If dealing with several uncertain values, it may be useful to represent them as an UncertainDataset. This way, one may trivially, for example, compute statistics for a dataset consisting of samples with different types of uncertainties.

Example¶

Let's create a random walk and pretend it represents fluctuations in the mean of an observed dataset. Assume that each data point is normally distributed, and that the $i$ -th observation has standard deviation $\sigma_i \in [0.3, 0.5]$ .

Representing these data as an UncertainDataset is done as follows:

using UncertainData, Distributions, Plots

# Create a random walk of 55 steps
n = 55
rw = cumsum(rand(Normal(), n))

# Represent each value of the random walk as an uncertain value and
# collect them in an UncertainDataset
dist = Uniform(0.3, 0.5)
uncertainvals = [UncertainValue(Normal, rw[i], rand(dist)) for i = 1:n]
D = UncertainDataset(uncertainvals)

We may then resample the dataset by calling resample(D). This will resample each uncertain value in the dataset. Alternatively, resample(D, n) resamples n times and returns a n-element vector of resampled realizations.

Let's resample the uncertain dataset 100 times and plot the realisations.

using Plots

# Initialise plot
p = plot(legend = false, xlabel = "time step", ylabel = "value")

# Plot the mean of the dataset
plot!(mean.(D), label = "mean", lc = :blue, lw = 3)

# Resample the dataset 100 times, add a line to the plot at each iteration
for i = 1:100
    plot!(p, resample(D), lw = 0.4, lα = 0.2, lc = :black)
end
p

Example 2: mixing different types of uncertain values¶

Mixing different types of uncertain values also works. Let's create a dataset of uncertain values constructed in different ways.

using UncertainData, Distributions, Plots

# Theoretical distributions
o1 = UncertainValue(Normal, 0, 0.5)
o2 = UncertainValue(Normal, 2, 0.3)
o3 = UncertainValue(Uniform, 0, 4)

# Theoretical distributions fitted to data
o4 = UncertainValue(Uniform, rand(Uniform(), 100))
o5 = UncertainValue(Gamma, rand(Gamma(2, 3), 5000))

# Kernel density estimated distributions for some more complex data.
M1 = MixtureModel([Normal(-5, 0.5), Gamma(2, 5), Normal(12, 0.2)])
M2 = MixtureModel([Normal(-2, 0.1), Normal(1, 0.2)])
o6 = UncertainValue(rand(M1, 1000))
o7 = UncertainValue(rand(M2, 1000))

D = UncertainDataset([o1, o2, o3, o4, o5, o6, o7])

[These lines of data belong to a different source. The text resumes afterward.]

(* The following weakening rules are admissible in $\mathsf{G}(\mathbf{KT}^+_D)$: for all finite multisets $\Gamma,\Delta$ of formulas, every finite multiset $\Sigma$ of outmost-boxed formulas, every formula $\alpha$ and every $G\in\mathsf{Grp}$, if $\vdash\Sigma\mid\Gamma\Rightarrow\Delta$ then $\vdash\Sigma\mid\Gamma\Rightarrow\Delta,\alpha$, $\vdash\Sigma\mid\alpha,\Gamma\Rightarrow\Delta$, and $\vdash\Sigma,D_G\alpha\mid\Gamma\Rightarrow\Delta$.
   Context: Language: fix a finite nonempty set $\mathsf{Agt}$ of agents and a countable set $\mathsf{Prop}$ of propositional variables; $\mathsf{Grp}$ is the set of nonempty subsets of $\mathsf{Agt}$. Formulas: $\alpha::=p\mid\bot\mid\alpha\wedge\alpha\mid\alpha\vee\alpha\mid\alpha\rightarrow\alpha\mid\neg\alpha\mid D_G\alpha$ ($p\in\mathsf{Prop}$, $G\in\mathsf{Grp}$). Outmost-boxed formula: one of the form $D_G\gamma$. Calculus $\mathsf{G}(\mathbf{KT}^+_D)$ ($\vdash$ denotes derivability: root of a finite tree built from initial sequents by the rules): a T-sequent $\Sigma\mid\Gamma\Rightarrow\Delta$ consists of finite multisets $\Gamma,\Delta$ of formulas and a finite multiset $\Sigma$ of outmost-boxed formulas. Initial sequents: $\Sigma\mid\Gamma,p\Rightarrow p,\Delta$ ($p\in\mathsf{Prop}$) and $\Sigma\mid\bot,\Gamma\Rightarrow\Delta$. Propositional rules (with $\Sigma$ unchanged): $(R\wedge)$ from $\Sigma\mid\Gamma\Rightarrow\Delta,\alpha_1$ and $\Sigma\mid\Gamma\Rightarrow\Delta,\alpha_2$ infer $\Sigma\mid\Gamma\Rightarrow\Delta,\alpha_1\wedge\alpha_2$; $(L\wedge)$ from $\Sigma\mid\alpha_1,\alpha_2,\Gamma\Rightarrow\Delta$ infer $\Sigma\mid\alpha_1\wedge\alpha_2,\Gamma\Rightarrow\Delta$; $(R\vee)$ from $\Sigma\mid\Gamma\Rightarrow\Delta,\alpha_1,\alpha_2$ infer $\Sigma\mid\Gamma\Rightarrow\Delta,\alpha_1\vee\alpha_2$; $(L\vee)$ from $\Sigma\mid\alpha_1,\Gamma\Rightarrow\Delta$ and $\Sigma\mid\alpha_2,\Gamma\Rightarrow\Delta$ infer $\Sigma\mid\alpha_1\vee\alpha_2,\Gamma\Rightarrow\Delta$; $(R\rightarrow)$ from $\Sigma\mid\alpha_1,\Gamma\Rightarrow\Delta,\alpha_2$ infer $\Sigma\mid\Gamma\Rightarrow\Delta,\alpha_1\rightarrow\alpha_2$; $(L\rightarrow)$ from $\Sigma\mid\Gamma\Rightarrow\Delta,\alpha_1$ and $\Sigma\mid\alpha_2,\Gamma\Rightarrow\Delta$ infer $\Sigma\mid\alpha_1\rightarrow\alpha_2,\Gamma\Rightarrow\Delta$; $(R\neg)$ from $\Sigma\mid\alpha,\Gamma\Rightarrow\Delta$ infer $\Sigma\mid\Gamma\Rightarrow\Delta,\neg\alpha$; $(L\neg)$ from $\Sigma\mid\Gamma\Rightarrow\Delta,\alpha$ infer $\Sigma\mid\neg\alpha,\Gamma\Rightarrow\Delta$. Modal rules: $(D_K^+)$: from $\emptyset\mid\alpha_1,\dots,\alpha_n\Rightarrow\beta$ ($n\ge0$) infer $\Sigma,D_{G_1}\alpha_1,\dots,D_{G_n}\alpha_n\mid\Pi\Rightarrow D_G\beta,\Omega$, provided $G_i\subseteq G$ for all $i$, $\Sigma$ consists only of formulas $D_H\gamma$ with $H\not\subseteq G$, $\Pi$ only of propositional variables and $\bot$, and $\Omega$ only of propositional variables, $\bot$ and outmost-boxed formulas; $(D_T^+)$: from $D_G\alpha,\Sigma\mid\Gamma,\alpha\Rightarrow\Delta$ infer $\Sigma\mid\Gamma,D_G\alpha\Rightarrow\Delta$. *)

From mathcomp Require Import all_boot.
From Stdlib Require Import List Permutation.

Set Implicit Arguments.
Unset Strict Implicit.
Unset Printing Implicit Defensive.

Section KTD.
Variables (Agt : finType) (Prp : countType).

Definition grp := {G : {set Agt} | G != set0}.
Definition grp_set (G : grp) : {set Agt} := proj1_sig G.

Inductive form : Type :=
| Var  : Prp -> form
| Bot  : form
| And  : form -> form -> form
| Or   : form -> form -> form
| Imp  : form -> form -> form
| Neg  : form -> form
| Dbox : grp -> form -> form.

(* An outmost-boxed formula D_G g is represented by the pair (G, g). *)
Definition boxed := (grp * form)%type.
Definition unbox (b : boxed) : form := Dbox b.1 b.2.

Definition atomic_or_bot (f : form) : Prop :=
  match f with Var _ | Bot => True | _ => False end.
Definition atomic_bot_or_boxed (f : form) : Prop :=
  match f with Var _ | Bot | Dbox _ _ => True | _ => False end.

(* Multisets are represented by lists; every rule conclusion is taken up to
   permutation of each of the three components (multiset equality). *)
Definition seq_eq (S1 : list boxed) (G1 D1 : list form)
                  (S2 : list boxed) (G2 D2 : list form) : Prop :=
  Permutation S1 S2 /\ Permutation G1 G2 /\ Permutation D1 D2.

(* derivable Sig Gam Del  :=  |- Sig | Gam => Del  in G(KT+_D) *)
Inductive derivable : list boxed -> list form -> list form -> Prop :=
| d_init S G D p S' G' D' :
    seq_eq S (Var p :: G) (Var p :: D) S' G' D' -> derivable S' G' D'
| d_bot S G D S' G' D' :
    seq_eq S (Bot :: G) D S' G' D' -> derivable S' G' D'
| d_Rand S G D a1 a2 S' G' D' :
    derivable S G (a1 :: D) -> derivable S G (a2 :: D) ->
    seq_eq S G (And a1 a2 :: D) S' G' D' -> derivable S' G' D'
| d_Land S G D a1 a2 S' G' D' :
    derivable S (a1 :: a2 :: G) D ->
    seq_eq S (And a1 a2 :: G) D S' G' D' -> derivable S' G' D'
| d_Ror S G D a1 a2 S' G' D' :
    derivable S G (a1 :: a2 :: D) ->
    seq_eq S G (Or a1 a2 :: D) S' G' D' -> derivable S' G' D'
| d_Lor S G D a1 a2 S' G' D' :
    derivable S (a1 :: G) D -> derivable S (a2 :: G) D ->
    seq_eq S (Or a1 a2 :: G) D S' G' D' -> derivable S' G' D'
| d_Rimp S G D a1 a2 S' G' D' :
    derivable S (a1 :: G) (a2 :: D) ->
    seq_eq S G (Imp a1 a2 :: D) S' G' D' -> derivable S' G' D'
| d_Limp S G D a1 a2 S' G' D' :
    derivable S G (a1 :: D) -> derivable S (a2 :: G) D ->
    seq_eq S (Imp a1 a2 :: G) D S' G' D' -> derivable S' G' D'
| d_Rneg S G D a S' G' D' :
    derivable S (a :: G) D ->
    seq_eq S G (Neg a :: D) S' G' D' -> derivable S' G' D'
| d_Lneg S G D a S' G' D' :
    derivable S G (a :: D) ->
    seq_eq S (Neg a :: G) D S' G' D' -> derivable S' G' D'
| d_DK S B Pi Om (Gr : grp) b S' G' D' :
    derivable nil (map snd B) (b :: nil) ->
    (forall x, In x B -> grp_set x.1 \subset grp_set Gr) ->
    (forall x, In x S -> ~~ (grp_set x.1 \subset grp_set Gr)) ->
    (forall f, In f Pi -> atomic_or_bot f) ->
    (forall f, In f Om -> atomic_bot_or_boxed f) ->
    seq_eq (S ++ B) Pi (Dbox Gr b :: Om) S' G' D' -> derivable S' G' D'
| d_DT S G D (Gr : grp) a S' G' D' :
    derivable ((Gr, a) :: S) (a :: G) D ->
    seq_eq S (Dbox Gr a :: G) D S' G' D' -> derivable S' G' D'.

End KTD.

(** Weakening by an atom or [bot] on the left, and by an atom, [bot] or a
   boxed formula on the right, is pushed up to the leaves of a derivation:
   the modal rule [(D_K^+)] absorbs such formulas into its side contexts [Pi]
   and [Om].  Weakening of the boxed context [Sig] by [D_H a] is pushed up
   in the same way, except through [(D_K^+)] with [H] included in the
   principal group, where [a] has to be added to the antecedent of the
   premise; so it holds for [a] as soon as left weakening by [a] does.
   Weakening by an arbitrary formula then follows by induction on the
   formula, introducing it by its own logical rule from weakened premises;
   a boxed formula [D_H a] on the left is introduced by [(D_T^+)]. *)

From mathcomp Require Import all_boot.
From Stdlib Require Import List Permutation.

Set Implicit Arguments.
Unset Strict Implicit.
Unset Printing Implicit Defensive.

Section Weakening.
Variables (Agt : finType) (Prp : countType).
Notation derivable := (@derivable Agt Prp).
Notation seq_eq := (@seq_eq Agt Prp).

Lemma seq_eq_refl S G D : seq_eq S G D S G D.
Proof. by split; [|split]. Qed.

Lemma seq_eq_perm S G D S1 G1 D1 S2 G2 D2 :
  Permutation S1 S2 -> Permutation G1 G2 -> Permutation D1 D2 ->
  seq_eq S G D S1 G1 D1 -> seq_eq S G D S2 G2 D2.
Proof.
by move=> pS pG pD [eS [eG eD]]; split; [|split]; apply: Permutation_trans; eauto.
Qed.

Lemma seq_eq_consS S G D S' G' D' b :
  seq_eq S G D S' G' D' -> seq_eq (b :: S) G D (b :: S') G' D'.
Proof. by move=> [eS [eG eD]]; split; [|split]; try apply: perm_skip. Qed.

Lemma seq_eq_consL S G D S' G' D' f :
  seq_eq S G D S' G' D' -> seq_eq S (f :: G) D S' (f :: G') D'.
Proof. by move=> [eS [eG eD]]; split; [|split]; try apply: perm_skip. Qed.

Lemma seq_eq_consR S G D S' G' D' f :
  seq_eq S G D S' G' D' -> seq_eq S G (f :: D) S' G' (f :: D').
Proof. by move=> [eS [eG eD]]; split; [|split]; try apply: perm_skip. Qed.

Lemma seq_eq_consL_under S G D S' G' D' x f :
  seq_eq S (x :: G) D S' G' D' -> seq_eq S (x :: f :: G) D S' (f :: G') D'.
Proof.
move=> /(seq_eq_consL f) [eS [eG eD]]; split; [|split] => //.
exact: Permutation_trans (perm_swap _ _ _) eG.
Qed.

Lemma seq_eq_consR_under S G D S' G' D' x f :
  seq_eq S G (x :: D) S' G' D' -> seq_eq S G (x :: f :: D) S' G' (f :: D').
Proof.
move=> /(seq_eq_consR f) [eS [eG eD]]; split; [|split] => //.
exact: Permutation_trans (perm_swap _ _ _) eD.
Qed.

Lemma derivable_perm S G D S' G' D' :
  Permutation S S' -> Permutation G G' -> Permutation D D' ->
  derivable S G D -> derivable S' G' D'.
Proof.
move=> pS pG pD d; case: d pS pG pD => [> e|> e|> d1 d2 e|> d e|> d e|> d1 d2 e|> d e|> d1 d2 e
  |> d e|> d e|> d hB hS hPi hOm e|> d e] pS pG pD;
  have {}e := seq_eq_perm pS pG pD e.
- exact: d_init e.
- exact: d_bot e.
- exact: d_Rand d1 d2 e.
- exact: d_Land d e.
- exact: d_Ror d e.
- exact: d_Lor d1 d2 e.
- exact: d_Rimp d e.
- exact: d_Limp d1 d2 e.
- exact: d_Rneg d e.
- exact: d_Lneg d e.
- exact: d_DK d hB hS hPi hOm e.
- exact: d_DT d e.
Qed.

Lemma derivable_swapL S G D x y :
  derivable S (x :: y :: G) D -> derivable S (y :: x :: G) D.
Proof. exact/derivable_perm/Permutation_refl/perm_swap/Permutation_refl. Qed.

Lemma derivable_swapR S G D x y :
  derivable S G (x :: y :: D) -> derivable S G (y :: x :: D).
Proof. exact/derivable_perm/perm_swap/Permutation_refl/Permutation_refl. Qed.

Lemma derivable_weakenR_atomic_boxed f S G D :
  atomic_bot_or_boxed f -> derivable S G D -> derivable S G (f :: D).
Proof.
move=> hf; elim=> {S G D}.
- by move=> > e; apply: d_init (seq_eq_consR_under f e).
- by move=> > e; apply: d_bot (seq_eq_consR f e).
- move=> > _ d1 _ d2 e.
  exact: d_Rand (derivable_swapR d1) (derivable_swapR d2) (seq_eq_consR_under f e).
- by move=> > _ d e; apply: d_Land d (seq_eq_consR f e).
- move=> > _ d e; apply: d_Ror _ (seq_eq_consR_under f e).
  exact: derivable_perm (Permutation_middle [:: _; _] _ _) d.
- by move=> > _ d1 _ d2 e; apply: d_Lor d1 d2 (seq_eq_consR f e).
- by move=> > _ d e; apply: d_Rimp (derivable_swapR d) (seq_eq_consR_under f e).
- by move=> > _ d1 _ d2 e; apply: d_Limp (derivable_swapR d1) d2 (seq_eq_consR f e).
- by move=> > _ d e; apply: d_Rneg d (seq_eq_consR_under f e).
- by move=> > _ d e; apply: d_Lneg (derivable_swapR d) (seq_eq_consR f e).
- move=> > d _ hB hS hPi hOm e.
  apply: d_DK d hB hS hPi _ (seq_eq_consR_under f e).
  by move=> g /= [<-|/hOm].
- by move=> > _ d e; apply: d_DT d (seq_eq_consR f e).
Qed.

Lemma derivable_weakenL_atomic f S G D :
  atomic_or_bot f -> derivable S G D -> derivable S (f :: G) D.
Proof.
move=> hf; elim=> {S G D}.
- by move=> > e; apply: d_init (seq_eq_consL_under f e).
- by move=> > e; apply: d_bot (seq_eq_consL_under f e).
- by move=> > _ d1 _ d2 e; apply: d_Rand d1 d2 (seq_eq_consL f e).
- move=> > _ d e; apply: d_Land _ (seq_eq_consL_under f e).
  exact: derivable_perm (Permutation_middle [:: _; _] _ _) _ d.
- by move=> > _ d e; apply: d_Ror d (seq_eq_consL f e).
- move=> > _ d1 _ d2 e.
  exact: d_Lor (derivable_swapL d1) (derivable_swapL d2) (seq_eq_consL_under f e).
- by move=> > _ d e; apply: d_Rimp (derivable_swapL d) (seq_eq_consL f e).
- by move=> > _ d1 _ d2 e; apply: d_Limp d1 (derivable_swapL d2) (seq_eq_consL_under f e).
- by move=> > _ d e; apply: d_Rneg (derivable_swapL d) (seq_eq_consL f e).
- by move=> > _ d e; apply: d_Lneg d (seq_eq_consL_under f e).
- move=> > d _ hB hS hPi hOm e.
  apply: d_DK d hB hS _ hOm (seq_eq_consL f e).
  by move=> g /= [<-|/hPi].
- by move=> > _ d e; apply: d_DT (derivable_swapL d) (seq_eq_consL_under f e).
Qed.

Lemma derivable_weakenS H a :
  (forall S G D, derivable S G D -> derivable S (a :: G) D) ->
  forall S G D, derivable S G D -> derivable ((H, a) :: S) G D.
Proof.
move=> weakenL_a S G D; elim=> {S G D}.
- by move=> > e; apply: d_init (seq_eq_consS (H, a) e).
- by move=> > e; apply: d_bot (seq_eq_consS (H, a) e).
- by move=> > _ d1 _ d2 e; apply: d_Rand d1 d2 (seq_eq_consS (H, a) e).
- by move=> > _ d e; apply: d_Land d (seq_eq_consS (H, a) e).
- by move=> > _ d e; apply: d_Ror d (seq_eq_consS (H, a) e).
- by move=> > _ d1 _ d2 e; apply: d_Lor d1 d2 (seq_eq_consS (H, a) e).
- by move=> > _ d e; apply: d_Rimp d (seq_eq_consS (H, a) e).
- by move=> > _ d1 _ d2 e; apply: d_Limp d1 d2 (seq_eq_consS (H, a) e).
- by move=> > _ d e; apply: d_Rneg d (seq_eq_consS (H, a) e).
- by move=> > _ d e; apply: d_Lneg d (seq_eq_consS (H, a) e).
- move=> S B Pi Om Gr b S' G' D' d _ hB hS hPi hOm e; case hH: (grp_set H \subset grp_set Gr).
  + apply: (d_DK (B := (H, a) :: B)) (weakenL_a _ _ _ d) _ hS hPi hOm _.
      by move=> x /= [<-|/hB].
    case: e => eS eGD; split => //.
    exact: Permutation_trans (Permutation_sym (Permutation_middle _ _ _)) (perm_skip _ eS).
  + apply: (d_DK (S := (H, a) :: S)) d hB _ hPi hOm (seq_eq_consS (H, a) e).
    by move=> x /= [<-|/hS]; rewrite ?hH.
- move=> > _ d e; apply: d_DT _ (seq_eq_consS (H, a) e).
  exact: derivable_perm (perm_swap _ _ _) _ _ d.
Qed.

Lemma derivable_weaken a S G D :
  derivable S G D -> derivable S (a :: G) D /\ derivable S G (a :: D).
Proof.
elim: a S G D => [p||a1 IH1 a2 IH2|a1 IH1 a2 IH2|a1 IH1 a2 IH2|a1 IH1|H a1 IH1]
  S G D d.
- by split; [apply: derivable_weakenL_atomic|apply: derivable_weakenR_atomic_boxed].
- by split; [apply: derivable_weakenL_atomic|apply: derivable_weakenR_atomic_boxed].
- split.
  + exact: d_Land (IH1 _ _ _ (IH2 _ _ _ d).1).1 (seq_eq_refl _ _ _).
  + exact: d_Rand (IH1 _ _ _ d).2 (IH2 _ _ _ d).2 (seq_eq_refl _ _ _).
- split.
  + exact: d_Lor (IH1 _ _ _ d).1 (IH2 _ _ _ d).1 (seq_eq_refl _ _ _).
  + exact: d_Ror (IH1 _ _ _ (IH2 _ _ _ d).2).2 (seq_eq_refl _ _ _).
- split.
  + exact: d_Limp (IH1 _ _ _ d).2 (IH2 _ _ _ d).1 (seq_eq_refl _ _ _).
  + exact: d_Rimp (IH1 _ _ _ (IH2 _ _ _ d).2).1 (seq_eq_refl _ _ _).
- split.
  + exact: d_Lneg (IH1 _ _ _ d).2 (seq_eq_refl _ _ _).
  + exact: d_Rneg (IH1 _ _ _ d).1 (seq_eq_refl _ _ _).
- split; last exact: derivable_weakenR_atomic_boxed.
  have weakenL_a1 S' G' D' (d' : derivable S' G' D') := (IH1 S' G' D' d').1.
  exact: d_DT (derivable_weakenS H weakenL_a1 (weakenL_a1 _ _ _ d)) (seq_eq_refl _ _ _).
Qed.

End Weakening.

Theorem proposition6p8 (Agt : finType) (Prp : countType) :
  (0 < #|Agt|)%N ->
  forall (Sig : list (boxed Agt Prp)) (Gam Del : list (form Agt Prp))
         (a : form Agt Prp) (G : grp Agt),
    derivable Sig Gam Del ->
    derivable Sig Gam (Del ++ a :: nil) /\
    derivable Sig (a :: Gam) Del /\
    derivable (Sig ++ (G, a) :: nil) Gam Del.
Proof.
move=> _ Sig Gam Del a G d.
have [weakenL weakenR] := derivable_weaken a d.
split; [|split] => //.
- exact: derivable_perm (Permutation_cons_append _ _) weakenR.
- have weakenL_a S G' D (d' : derivable S G' D) := (derivable_weaken a d').1.
  exact: derivable_perm (Permutation_cons_append _ _) _ _ (derivable_weakenS G weakenL_a d).
Qed.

Now, plot the uncertain dataset.

using Plots
# Initialise the plot
p = plot(legend = false, xlabel = "time step", ylabel = "value")

# Plot the mean of the dataset
plot!([median(D[i]) for i = 1:length(D)], label = "mean", lc = :blue, lw = 3)

for i = 1:200
    plot!(p, resample(D), lw = 0.4, lα = 0.1, lc = :black)
end

p